From Winter 2024 to Spring 2025 (with a brief hiatus from Summer 2024 to Autumn 2024), I have worked as a Human Rights Fellow at the Center for Human Rights (UWCHR). I first connected with UWCHR through my mentor in the Interdisciplinary Honors Peer Mentoring Program, Tara Saleh, while catching up over coffee one day. I had just finished a summer internship in public interest technology, I told her, and was looking for further opportunities to get involved in similar research during the school year. Having worked at UWCHR herself, Tara recommended I reach out to the Center to learn about their own technical work.

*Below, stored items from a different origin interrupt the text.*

(* Let $X\sim P_X$ on $\mathcal{X}$, let $(\Omega_k^\star)_{k=1}^K$ be a measurable partition of $\mathcal{X}$ up to null sets with measurable $f_k^\star$, $\mu=\sum_k\mathbf{1}_{\Omega_k^\star}f_k^\star$, $|\mu(X)|\le B$ a.s. (and $Y=\mu(X)+\xi$, $\mathbb{E}[\xi\mid X]=0$, $\mathbb{E}\xi^2<\infty$). Let experts satisfy $\sup_{k,x}|f_k(x;\theta_k)|\le B_{\mathrm{stu}}$ for all parameters considered. Fix $k$, $\varepsilon\in(0,1/2)$, $\tau>0$ and set $A_{k,\varepsilon}=\Omega_k^\star\cap\mathcal{G}_\varepsilon(\tau;\phi)\cap\{x:p_k^{(\tau)}(x;\phi)\ge1-\varepsilon\}$. Then \[\mathbb{E}\big[(\mu(X)-h_{\theta,\phi,\tau}(X))^2\mathbf{1}_{A_{k,\varepsilon}}(X)\big]\ge\tfrac12\mathbb{E}\big[|f_k(X;\theta_k)-f_k^\star(X)|^2\mathbf{1}_{A_{k,\varepsilon}}(X)\big]-4B_{\mathrm{stu}}^2\varepsilon^2P_X(A_{k,\varepsilon}).\]
   Context: $p_k^{(\tau)}(x;\phi)=e^{a_k(x;\phi)/\tau}/\sum_je^{a_j(x;\phi)/\tau}$ for router logits $a_k(\cdot;\phi)$; $h_{\theta,\phi,\tau}=\sum_kp_k^{(\tau)}f_k(\cdot;\theta_k)$; $\mathcal{G}_\varepsilon(\tau;\phi)=\{x:\max_jp_j^{(\tau)}(x;\phi)>1-\varepsilon\}$. *)

From HB Require Import structures.
From mathcomp Require Import all_boot all_order all_algebra.
From mathcomp Require Import all_classical all_reals all_analysis.
Set Implicit Arguments. Unset Strict Implicit. Unset Printing Implicit Defensive.
Import Order.TTheory GRing.Theory Num.Theory.
Local Open Scope classical_set_scope.
Local Open Scope ring_scope.

Definition softmax_gate (R : realType) (T : Type) (K : nat) (Phi : Type)
  (a : 'I_K -> Phi -> T -> R) (tau : R) (phi : Phi) (k : 'I_K) (x : T) : R :=
  expR (a k phi x / tau) / \sum_(j < K) expR (a j phi x / tau).

Definition moe (R : realType) (T : Type) (K : nat) (Theta Phi : Type)
  (f : 'I_K -> Theta -> T -> R) (theta : 'I_K -> Theta)
  (a : 'I_K -> Phi -> T -> R) (tau : R) (phi : Phi) (x : T) : R :=
  \sum_(k < K) softmax_gate a tau phi k x * f k (theta k) x.

Definition confident_set (R : realType) (T : Type) (K : nat) (Phi : Type)
  (a : 'I_K -> Phi -> T -> R) (tau : R) (phi : Phi) (eps : R) : set T :=
  [set x | exists j : 'I_K, 1 - eps < softmax_gate a tau phi j x].

Definition piecewise_target (R : realType) (T : Type) (K : nat)
  (Omega : 'I_K -> set T) (fstar : 'I_K -> T -> R) (x : T) : R :=
  \sum_(k < K) (\1_(Omega k) x) * fstar k x.

From HB Require Import structures.
From mathcomp Require Import all_boot all_order all_algebra.
From mathcomp Require Import all_classical all_reals all_analysis.
From mathcomp Require Import measurable_realfun.
From mathcomp Require Import ring lra.
Set Implicit Arguments.
Unset Strict Implicit.
Unset Printing Implicit Defensive.

Import Order.TTheory GRing.Theory Num.Theory.
Local Open Scope classical_set_scope.
Local Open Scope ring_scope.

(* Almost everywhere on Omega_k the target is f*_k (the pieces overlap only
   on null sets), and where the router puts mass at least 1 - eps on expert k
   the mixture is a convex combination of experts bounded by Bstu that lies
   within 2 Bstu eps of f_k.  The elementary
   inequality u^2/2 <= (u - w)^2 + w^2 then gives, pointwise on A,
   |f_k - f*_k|^2 / 2 <= (mu - h)^2 + 4 Bstu^2 eps^2, and integrating over A
   yields the claim. *)

Lemma half_sqr_dist_le (R : realFieldType) (y z t b : R) :
  `|t - z| <= b -> 2^-1 * `|z - y| ^+ 2 <= (y - t) ^+ 2 + b ^+ 2.
Proof.
rewrite ler_norml real_normK ?num_real // => /andP[tz_ge tz_le].
(* with u = z - y and w = z - t the gap is (u - 2w)^2 / 2 *)
by have := sqr_ge0 (z - y - 2 * (z - t)); nra.
Qed.

Lemma dist_convex_comb_le (R : realFieldType) (n : nat) (w g : 'I_n -> R)
    (M e : R) (k : 'I_n) :
  (forall j, 0 <= w j) -> \sum_j w j = 1 -> (forall j, `|g j| <= M) ->
  1 - e <= w k ->
  `|\sum_j w j * g j - g k| <= 2 * M * e.
Proof.
move=> w_ge0 w_sum1 gM wk.
have -> : \sum_j w j * g j - g k = \sum_j w j * (g j - g k).
  by under [RHS]eq_bigr do rewrite mulrBr; rewrite sumrB -mulr_suml w_sum1 mul1r.
rewrite (bigD1 k) //= subrr mulr0 add0r.
have rest : \sum_(j | j != k) w j = 1 - w k.
  by have := w_sum1; rewrite (bigD1 k) //=; lra.
apply: le_trans (ler_norm_sum _ _ _) _.
apply: (@le_trans _ _ (\sum_(j | j != k) w j * (2 * M))).
  apply: ler_sum => j _; rewrite normrM ger0_norm // ler_wpM2l //.
  by apply: le_trans (ler_normB _ _) _; have := gM j; have := gM k; lra.
have M_ge0 : 0 <= M := le_trans (normr_ge0 _) (gM k).
by rewrite -mulr_suml rest mulrC ler_wpM2l ?mulr_ge0 //; lra.
Qed.

Lemma sum_expR_gt0 (R : realType) (n : nat) (g : 'I_n -> R) :
  (0 < n)%N -> 0 < \sum_(i < n) expR (g i).
Proof.
case: n g => // n g _; rewrite big_ord_recl ltr_pwDl ?expR_gt0 //.
by apply: sumr_ge0 => i _; exact: expR_ge0.
Qed.

Lemma ae_ge0_le_integralZ_cst d (T : measurableType d) (R : realType)
    (mu : {measure set T -> \bar R}) (A : set T) (F G : T -> R) (r c : R) :
  measurable A -> measurable_fun A F -> measurable_fun A G ->
  (forall x, A x -> 0 <= F x) -> (forall x, A x -> 0 <= G x) ->
  0 <= r -> 0 <= c ->
  {ae mu, forall x, A x -> r * G x <= F x + c} ->
  (r%:E * \int[mu]_(x in A) (G x)%:E <=
     \int[mu]_(x in A) (F x)%:E + c%:E * mu A)%E.
Proof.
move=> mA mF mG F_ge0 G_ge0 r_ge0 c_ge0 GF.
have mEF : measurable_fun A (EFin \o F) by exact/measurable_EFinP.
have mEG : measurable_fun A (EFin \o G) by exact/measurable_EFinP.
have EG_ge0 x : A x -> (0 <= (G x)%:E)%E by move=> Ax; rewrite lee_fin G_ge0.
have EF_ge0 x : A x -> (0 <= (F x)%:E)%E by move=> Ax; rewrite lee_fin F_ge0.
rewrite -(ge0_integralZl_EFin mu mA EG_ge0 mEG r_ge0) -integral_cst //.
rewrite -(ge0_integralD mu mA EF_ge0 mEF) //.
apply: ae_ge0_le_integral => //.
- by move=> x Ax; rewrite lee_fin mulr_ge0 ?G_ge0.
- exact: measurable_funeM.
- by move=> x Ax; rewrite lee_fin addr_ge0 ?F_ge0.
- by apply: emeasurable_funD => //; exact: measurable_cst.
Qed.

Section softmax.
Variables (R : realType) (T : Type) (K : nat) (Phi : Type).
Variables (a : 'I_K -> Phi -> T -> R) (tau : R) (phi : Phi).
Hypothesis K_gt0 : (0 < K)%N.

Lemma softmax_gate_ge0 j x : 0 <= softmax_gate a tau phi j x.
Proof.
by rewrite divr_ge0 ?expR_ge0 //; apply: sumr_ge0 => i _; exact: expR_ge0.
Qed.

Lemma sum_softmax_gate x : \sum_j softmax_gate a tau phi j x = 1.
Proof. by rewrite -mulr_suml divff // lt0r_neq0 // sum_expR_gt0. Qed.

End softmax.

Lemma piecewise_target_on_piece (R : realType) (T : Type) (K : nat)
    (Omega : 'I_K -> set T) (fstar : 'I_K -> T -> R) (k : 'I_K) (x : T) :
  Omega k x -> (forall j, j != k -> ~ Omega j x) ->
  piecewise_target Omega fstar x = fstar k x.
Proof.
move=> Okx notO; rewrite /piecewise_target (bigD1 k) //= indicE mem_set //.
rewrite mul1r big1 ?addr0 // => j jk.
by rewrite indicE memNset ?mul0r //; exact: notO.
Qed.

Lemma moe_dist_expert_le (R : realType) (T : Type) (K : nat) (Theta Phi : Type)
    (f : 'I_K -> Theta -> T -> R) (theta : 'I_K -> Theta)
    (a : 'I_K -> Phi -> T -> R) (tau : R) (phi : Phi) (Bstu eps : R)
    (k : 'I_K) (x : T) :
  (forall j th x, `|f j th x| <= Bstu) ->
  1 - eps <= softmax_gate a tau phi k x ->
  `|moe f theta a tau phi x - f k (theta k) x| <= 2 * Bstu * eps.
Proof.
move=> fB pk; apply: dist_convex_comb_le => //.
- by move=> j; exact: softmax_gate_ge0.
- by apply: sum_softmax_gate; exact: leq_ltn_trans (ltn_ord k).
Qed.

Section measurability.
Variables (d : measure_display) (T : measurableType d) (R : realType).

Lemma measurable_lt_level (g : T -> R) (c : R) :
  measurable_fun setT g -> measurable [set x | c < g x].
Proof.
by move=> mg; rewrite -[X in measurable X]setTI -preimage_itvoy; exact: mg.
Qed.

Lemma measurable_le_level (g : T -> R) (c : R) :
  measurable_fun setT g -> measurable [set x | c <= g x].
Proof.
by move=> mg; rewrite -[X in measurable X]setTI -preimage_itvcy; exact: mg.
Qed.

Variables (K : nat) (Phi : Type) (a : 'I_K -> Phi -> T -> R) (tau : R) (phi : Phi).
Hypothesis ma : forall j, measurable_fun setT (a j phi).

Lemma measurable_softmax_gate j : measurable_fun setT (softmax_gate a tau phi j).
Proof.
have mexp i : measurable_fun setT (fun x => expR (a i phi x / tau)).
  apply: measurableT_comp; first exact: measurable_expR.
  by apply: measurable_funM => //; exact: measurable_cst.
have S_gt0 x : 0 < \sum_i expR (a i phi x / tau).
  by apply: sum_expR_gt0; exact: leq_ltn_trans (ltn_ord j).
(* 1 / S = expR (- ln S) as S > 0: this avoids the measurability of inversion. *)
rewrite (_ : softmax_gate a tau phi j =
    fun x => expR (a j phi x / tau) * expR (- ln (\sum_i expR (a i phi x / tau)))).
  apply: measurable_funM => //; apply: measurableT_comp => //.
  apply: measurableT_comp => //; apply: measurableT_comp => //.
  exact: measurable_sum.
by apply/funext => x; rewrite expRN lnK // posrE.
Qed.

Lemma measurable_confident_set eps : measurable (confident_set a tau phi eps).
Proof.
rewrite (_ : confident_set _ _ _ _ =
    \bigcup_(j in [set: 'I_K]) [set x | 1 - eps < softmax_gate a tau phi j x]).
  apply: fin_bigcup_measurable => // j _.
  exact/measurable_lt_level/measurable_softmax_gate.
by apply/seteqP; split => x /= [j]; [exists j|move=> _; exists j].
Qed.

Lemma measurable_moe (Theta : Type) (f : 'I_K -> Theta -> T -> R)
    (theta : 'I_K -> Theta) :
  (forall j th, measurable_fun setT (f j th)) ->
  measurable_fun setT (moe f theta a tau phi).
Proof.
move=> mf; apply: measurable_sum => j.
by apply: measurable_funM => //; exact: measurable_softmax_gate.
Qed.

End measurability.

Lemma measurable_piecewise_target d (T : measurableType d) (R : realType)
    (K : nat) (Omega : 'I_K -> set T) (fstar : 'I_K -> T -> R) :
  (forall j, measurable (Omega j)) -> (forall j, measurable_fun setT (fstar j)) ->
  measurable_fun setT (piecewise_target Omega fstar).
Proof.
move=> mO mfs; apply: measurable_sum => j.
by apply: measurable_funM => //; exact: measurable_indic.
Qed.

Lemma ae_notin_other_pieces d (T : measurableType d) (R : realType)
    (mu : {measure set T -> \bar R}) (K : nat) (Omega : 'I_K -> set T) (k : 'I_K) :
  (forall i j, i != j -> mu.-negligible (Omega i `&` Omega j)) ->
  {ae mu, forall x, Omega k x -> forall j, j != k -> ~ Omega j x}.
Proof.
move=> negO; have ae_j j : {ae mu, forall x, Omega k x -> j != k -> ~ Omega j x}.
  have [->|jk] := eqVneq j k; first exact: nearW.
  apply: negligibleS (negO k j _); last by rewrite eq_sym.
  by move=> x /= nx; split; apply: contrapT => nO; apply: nx => Okx _ Ojx.
by apply: filterS (filter_forall _ ae_j) => x all_j Okx j; exact: all_j.
Qed.

Theorem mainTheorem10
  (R : realType) (d : measure_display) (T : measurableType d)
  (P : probability T R) (K : nat)
  (Omega : 'I_K -> set T) (fstar : 'I_K -> T -> R) (B : R)
  (Theta Phi : Type) (f : 'I_K -> Theta -> T -> R) (a : 'I_K -> Phi -> T -> R)
  (Bstu : R) (theta : 'I_K -> Theta) (phi : Phi)
  (k : 'I_K) (eps tau : R) :
  (forall j, measurable (Omega j)) ->
  (forall i j, i != j -> P.-negligible (Omega i `&` Omega j)) ->
  P.-negligible (~` \bigcup_(j in [set: 'I_K]) Omega j) ->
  (forall j, measurable_fun setT (fstar j)) ->
  (forall j th, measurable_fun setT (f j th)) ->
  (forall j ph, measurable_fun setT (a j ph)) ->
  {ae P, forall x, `|piecewise_target Omega fstar x| <= B} ->
  (forall j th x, `|f j th x| <= Bstu) ->
  0 < eps -> eps < 2^-1 -> 0 < tau ->
  let A := Omega k `&` confident_set a tau phi eps
           `&` [set x | 1 - eps <= softmax_gate a tau phi k x] in
  let mu := piecewise_target Omega fstar in
  let h := moe f theta a tau phi in
  (\int[P]_(x in A) ((mu x - h x) ^+ 2)%:E >=
     (2^-1)%:E * \int[P]_(x in A) ((`|f k (theta k) x - fstar k x|) ^+ 2)%:E
     - (4 * Bstu ^+ 2 * eps ^+ 2)%:E * P A)%E.
Proof.
move=> mO negO _ mfs mf ma _ fB _ _ _; cbv zeta.
set A := Omega k `&` _ `&` _; set mu := piecewise_target _ _; set h := moe _ _ _ _ _.
have mA : measurable A.
  apply: measurableI.
    by apply: measurableI; [exact: mO|exact: measurable_confident_set].
  by apply: measurable_le_level; exact: measurable_softmax_gate.
have mmu_h : measurable_fun setT (fun x => mu x - h x).
  apply: measurable_funB; first exact: measurable_piecewise_target.
  exact: measurable_moe.
have c_sqr : 4 * Bstu ^+ 2 * eps ^+ 2 = (2 * Bstu * eps) ^+ 2 by ring.
rewrite c_sqr leeBlDr ?fin_numM ?fin_num_measure //.
apply: ae_ge0_le_integralZ_cst => //;
  try by [move=> x _; exact: sqr_ge0|exact: sqr_ge0].
- exact/measurable_funTS/measurable_funX.
- apply/measurable_funTS/measurable_funX/measurableT_comp => //.
  exact: measurable_funB.
- apply: filterS (ae_notin_other_pieces k negO) => x notO [[Okx _] pk].
  rewrite /mu (piecewise_target_on_piece _ Okx (notO Okx)).
  exact/half_sqr_dist_le/moe_dist_expert_le.
Qed.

Since connecting with Phil Neff, the UWCHR research coordinator, I have loved every second of working there. My work at UWCHR is an incredibly fulfilling way for me to use my technological skills to give back to refugee and immigrant communities--a background that my own family comes from. My projects at UWCHR have included training machine learning models to categorize immigration arrest records (which was included in a recent public report), submitting public records requests to law enforcement agencies, and most recently conducting data analysis on large immigration enforcement datasets. In my work, I have been able to apply knowledge from an interdisciplinary range of classes such as CSE 447 (Natural Language Processing) and PHIL 405 (Political Philosophy of Race), but I have also learned a great deal of technical and humanitarian knowledge from Phil and the UWCHR staff. In addition to my official work for UWCHR, I have also been able to bring my work into class projects to give back to the organization, in classes such as CSE 582 (Ethics in AI) and CSE 581 (Computer Ethics). I even asked Phil to write my letter of recommendation for the BS/MS program, which I was accepted into.
The biggest impact that working at UWCHR has had on me, however, is cementing the value of service. Having worked at both UWCHR and a big tech company like Amazon, I have learned that that I feel most fulfilled when applying my technical skills for others in need. This was the reason that I turned down my Amazon return offer, for example, and decided to work for a nonprofit called USAFacts next summer. No matter where I go next, I will always carry with me the valuable lesson from UWCHR to center marginalized and vulnerable communities in my technological practice.